What the task requires
Look through the records below for the line with "e0 xy b; lra.". Return that line and each one after it up to and including the line with "dominated_graph_ext (@ler_normD _", exactly.

··· Entries supplied ···

Lemma supp_funcs_of_bj_orth eps (x y : X) : x != 0 -> y != 0 -> 0 <= eps -> eps < 1 ->
  bj_orth eps x y -> exists2 f, supp_funcs x f & `|f y| <= eps * `|y|.
Proof.
move=> x0 y0 e0 e1 xy; have domGx := dominated_graph_line x0.
set Gx := [set _ | _ in _] in domGx.
have ny a : ~ Gx (y, a).
  by case=> b _ [yb _]; apply: (bj_orth_nonparallel x0 y0 e0 e1 xy (esym yb)).
have lohi : - (eps * `|y|) <= eps * `|y| by have := mulr_ge0 e0 (normr_ge0 y); lra.
have hi_ub m a : Gx (m, a) -> a - `|m - y| <= eps * `|y|.
  by case=> b _ [<- <-]; have := bj_orth_lower x0 e0 (bj_orthN xy) b; rewrite normrN; lra.
have lo_lb m a : Gx (m, a) -> - (eps * `|y|) <= `|m + y| - a.
  by case=> b _ [<- <-]; have := bj_orth_lower x0 e0 xy b; lra.
have norm_homog (t : R) (u : X) : 0 < t -> `|t *: u| = t * `|u|.
  by move=> t0; rewrite normrZ gtr0_norm.
have [c /andP[c_lo c_hi] domGc] :=
  dominated_graph_ext (@ler_normD _ _) norm_homog domGx ny lohi hi_ub lo_lb.
have [F [Fs Fle FG]] := hahn_banach (@ler_normD _ _) norm_homog domGc.
exists F.
  apply: supp_funcs_of_norming => //; apply/FG/sub_graph_ext.
  by exists 1; rewrite ?scale1r ?mul1r.
have Fy : F y = c by apply/FG/graph_ext_point; case: domGx.
by rewrite Fy ler_norml c_lo c_hi.
Qed.

Lemma eps_smooth_sub_le eps (x : X) (f g : X -> R) : eps_smooth eps x ->
  supp_funcs x f -> supp_funcs x g -> forall z, `|f z - g z| <= eps * `|z|.
Proof.
move=> smooth Jf Jg z; have [[[fs _] _] _] := Jf; have [[[gs _] _] _] := Jg.
have fg_scalar : scalar (fun z => f z - g z) by move=> a u v; rewrite fs gs; ring.
have fg2 w : `|f w - g w| <= 2 * `|w|.
  have := supp_funcs_norm_le Jf w; have := supp_funcs_norm_le Jg w.
  have := ler_normB (f w) (g w); lra.
have fg_sup := has_sup_dual_ball_image (ler0n _ 2) fg2.
by apply: le_trans (le_dnorm fg_scalar fg_sup z) _; rewrite ler_wpM2r // smooth.
Qed.

Lemma scalar_sum_le (f g : X -> R) eps (y1 y2 : X) : scalar f -> 0 <= eps ->
  (forall z, `|f z - g z| <= eps * `|z|) ->
  `|f y1| <= eps * `|y1| -> `|g y2| <= eps * `|y2| -> `|y2| <= `|y1| ->
  2 * `|f (y1 + y2)| <= 3 * eps * (`|y1| + `|y2|).
Proof.
move=> fs e0 fg fy1 gy2 y21.
have fD : f (y1 + y2) = f y1 + f y2 by have := fs 1 y1 y2; rewrite scale1r mul1r.
have := ler_normD (f y2 - g y2) (g y2); rewrite subrK => fy2.
have := fg y2; have := ler_normD (f y1) (f y2).
have : 0 <= eps * (`|y1| - `|y2|) by rewrite mulr_ge0 // subr_ge0.
rewrite fD mulrBr; lra.
Qed.

End SupportFunctionals.

Theorem theorem4p2 (R : realType) (X : normedModType R) (x y1 y2 : X) (eps : R) :
  x != 0 -> y1 != 0 -> y2 != 0 ->
  0 <= eps -> eps < 1 ->
  eps < 2 * `|y1 + y2| / (3 * (`|y1| + `|y2|)) ->
  2 * `|y1 + y2| / (3 * (`|y1| + `|y2|)) < 1 ->
  bj_orth eps x y1 -> bj_orth eps x y2 ->
  eps_smooth eps x ->
  exists eps1 : R, 0 <= eps1 /\ eps1 < 1 /\ bj_orth eps1 x (y1 + y2).
Proof.
move=> x0 y10 y20 e0 e1 eps_lt _ xy1 xy2 smooth.
have [f1 Jf1 f1y1] := supp_funcs_of_bj_orth x0 y10 e0 e1 xy1.
have [f2 Jf2 f2y2] := supp_funcs_of_bj_orth x0 y20 e0 e1 xy2.
have f12 := eps_smooth_sub_le smooth Jf1 Jf2.
have [f Jf f_sum] : exists2 f, supp_funcs x f &
    2 * `|f (y1 + y2)| <= 3 * eps * (`|y1| + `|y2|).
  have [[[f1s _] _] _] := Jf1; have [[[f2s _] _] _] := Jf2.
  have [y21|y12] := lerP `|y2| `|y1|; [exists f1 | exists f2] => //.
    exact: scalar_sum_le f12 f1y1 f2y2 y21.
  rewrite addrC [`|y1| + _]addrC; apply: scalar_sum_le e0 _ f2y2 f1y1 (ltW y12) => //.
  by move=> z; rewrite distrC.
have y_pos : 0 < 3 * (`|y1| + `|y2|) by rewrite mulr_gt0 // addr_gt0 ?normr_gt0.
rewrite ltr_pdivlMr // in eps_lt.
have N_gt0 : 0 < `|y1 + y2| by have := mulr_ge0 e0 (ltW y_pos); lra.
exists (`|f (y1 + y2)| / `|y1 + y2|); split; first by rewrite divr_ge0.
split; first by rewrite ltr_pdivrMr // mul1r; lra.
by apply: bj_orth_of_supp_funcs Jf _ _; rewrite ?divr_ge0 ?divfK ?gt_eqF.
Qed.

···

Your response
  by case=> b _ [<- <-]; have := bj_orth_lower x0 e0 xy b; lra.
have norm_homog (t : R) (u : X) : 0 < t -> `|t *: u| = t * `|u|.
  by move=> t0; rewrite normrZ gtr0_norm.
have [c /andP[c_lo c_hi] domGc] :=
  dominated_graph_ext (@ler_normD _ _) norm_homog domGx ny lohi hi_ub lo_lb.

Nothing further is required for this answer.